Lemma filterlim_C_component (z0 : C) (f : C -> R) :
  (forall z, Rabs (f z - f z0) <= Cmod (Cminus z z0)) ->
  filterlim f (locally_C z0) (locally (f z0)).
Proof.
  intros Hf. apply (filterlim_of_Rabs_lt (locally_C z0)). intros eps Heps.
  apply (filter_imp _ _ (fun z Hz => Rle_lt_trans _ _ _ (Hf z) Hz) (locally_C_ball z0 eps Heps)).
Qed.

Lemma filterlim_Re (z0 : C) : filterlim Re (locally_C z0) (locally (Re z0)).
Proof.
  apply filterlim_C_component. intros z.
  replace (Re z - Re z0) with (Re (Cminus z z0)) by (unfold Re, Cminus, Cplus, Copp; simpl; ring).
  apply Cmod_ge_Rabs_re.
Qed.

Lemma filterlim_Im (z0 : C) : filterlim Im (locally_C z0) (locally (Im z0)).
Proof.
  apply filterlim_C_component. intros z.
  replace (Im z - Im z0) with (Im (Cminus z z0)) by (unfold Im, Cminus, Cplus, Copp; simpl; ring).
  apply Cmod_ge_Rabs_im.
Qed.

Lemma filterlim_Cmod (z0 : C) : filterlim Cmod (locally_C z0) (locally (Cmod z0)).
Proof.
  apply filterlim_C_component. intros z. apply Rabs_le_between. split.
  - pose proof (Cmod_triangle (Copp (Cminus z z0)) z) as H.
    replace (Cplus (Copp (Cminus z z0)) z) with z0 in H by ring. rewrite Cmod_opp in H. lra.
  - pose proof (Cmod_triangle (Cminus z z0) z0) as H.
    replace (Cplus (Cminus z z0) z0) with z in H by ring. lra.
Qed.

Lemma W_polar_local_inverse {X} (F : (X -> Prop) -> Prop) {FF : Filter F}
    (Lf Tf : X -> R) L0 T0 (g phi : X -> C) :
  -1 < L0 -> filterlim Lf F (locally L0) -> filterlim Tf F (locally T0) ->
  F (fun x => g x = W_polar (Lf x) (Tf x)) ->
  F (fun x => phi x = (exp (Lf x) * cos (Tf x), exp (Lf x) * sin (Tf x))) ->
  Cplus 1 (W_polar L0 T0) <> RtoC 0 ->
  forall eps, 0 < eps -> F (fun x =>
    Cmod (Cminus (Cminus (g x) (W_polar L0 T0))
                 (Cdiv (Cminus (phi x) (wexp (W_polar L0 T0)))
                       (Cmult (cexp (W_polar L0 T0)) (Cplus 1 (W_polar L0 T0)))))
      <= eps * Cmod (Cminus (phi x) (wexp (W_polar L0 T0)))).
Proof.
  intros HL HLf HTf Hg Hphi H1.
  apply (inverse_derivative_estimate F wexp);
    [apply is_derive_wexp | apply cexp_mul_succ_neq0, H1 | |].
  - intros eps Heps.
    generalize (filter_and _ _ Hg (W_polar_continuous F Lf Tf L0 T0 HL HLf HTf eps Heps)).
    apply filter_imp. intros x [-> H]. exact H.
  - pose proof (filterlim_eventually_gt F Lf L0 (-1) HL HLf) as HLt.
    generalize (filter_and _ _ HLt (filter_and _ _ Hg Hphi)).
    apply filter_imp. intros x [HLx [-> ->]]. apply wexp_W_polar, HLx.
Qed.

• • • • • • •

## Task statement
What you return must be an exact retyping of the lines above starting at the line with "apply Cmod_ge_Rabs_re." and ending at the line with "F (fun x => phi", and nothing besides.

## Response to this exercise
  apply Cmod_ge_Rabs_re.
Qed.

Lemma filterlim_Im (z0 : C) : filterlim Im (locally_C z0) (locally (Im z0)).
Proof.
  apply filterlim_C_component. intros z.
  replace (Im z - Im z0) with (Im (Cminus z z0)) by (unfold Im, Cminus, Cplus, Copp; simpl; ring).
  apply Cmod_ge_Rabs_im.
Qed.

Lemma filterlim_Cmod (z0 : C) : filterlim Cmod (locally_C z0) (locally (Cmod z0)).
Proof.
  apply filterlim_C_component. intros z. apply Rabs_le_between. split.
  - pose proof (Cmod_triangle (Copp (Cminus z z0)) z) as H.
    replace (Cplus (Copp (Cminus z z0)) z) with z0 in H by ring. rewrite Cmod_opp in H. lra.
  - pose proof (Cmod_triangle (Cminus z z0) z0) as H.
    replace (Cplus (Cminus z z0) z0) with z in H by ring. lra.
Qed.

Lemma W_polar_local_inverse {X} (F : (X -> Prop) -> Prop) {FF : Filter F}
    (Lf Tf : X -> R) L0 T0 (g phi : X -> C) :
  -1 < L0 -> filterlim Lf F (locally L0) -> filterlim Tf F (locally T0) ->
  F (fun x => g x = W_polar (Lf x) (Tf x)) ->
  F (fun x => phi x = (exp (Lf x) * cos (Tf x), exp (Lf x) * sin (Tf x))) ->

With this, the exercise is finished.